(Items from a dataset)
------------------------------
(* Let $G$ be a finite, simple, undirected, connected graph whose vertex set $V(G)$ is a set of integers. Then there exists an elimination tree $T$ of $G$ whose depth equals the treedepth of $G$ and which has the following property: for every vertex $w \in V(G)$ and every vertex $v \in V(G)$ that dominates $w$ in $G$, the vertex $w$ is not an ancestor of $v$ in $T$.
   Context: For a vertex $x$ of $G$, $N(x)$ denotes the set of neighbours of $x$ in $G$. A treedepth decomposition of $G$ is a rooted forest $F$ on vertex set $V(G)$ such that for every edge $\{u,v\}$ of $G$, either $u$ is an ancestor of $v$ or $v$ is an ancestor of $u$ in $F$. The depth of a rooted forest is the maximum number of vertices on a root-to-leaf path. The treedepth of $G$ is the minimum depth of a treedepth decomposition of $G$. An elimination tree of a connected graph $G$ is defined recursively: if $G$ has a single vertex, its elimination tree is $G$ itself (a single root); otherwise, choose a vertex $v$ of $G$, let $F$ be a forest consisting of one elimination tree for each connected component of $G - v$, and form a rooted tree by making $v$ the parent of every root of $F$. Given distinct vertices $v, w \in V(G)$ (adjacent or not), $v$ dominates $w$ in $G$ if either (1) $N(v) \setminus \{w\}$ is a proper superset of $N(w) \setminus \{v\}$, or (2) $N(v) \setminus \{w\} = N(w) \setminus \{v\}$ and $v > w$ (comparison as integers). *)

From mathcomp Require Import all_boot all_order all_algebra finmap.
Set Implicit Arguments.
Unset Strict Implicit.
Unset Printing Implicit Defensive.

Section Graphs.
Variable T : finType.
(* A simple graph on vertex type T: [e] is assumed symmetric and irreflexive
   in the theorem statement. *)
Variable e : rel T.

Definition nbhd (x : T) : {set T} := [set y | e x y].

Definition induced (S : {set T}) : rel T :=
  [rel x y | [&& x \in S, y \in S & e x y]].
------------------------------
▶ To do:
An exact repeat of the lines from the one containing "Definition induced (S" through the final line of the entries is the whole answer.

▶ Solution to this task:
Definition induced (S : {set T}) : rel T :=
  [rel x y | [&& x \in S, y \in S & e x y]].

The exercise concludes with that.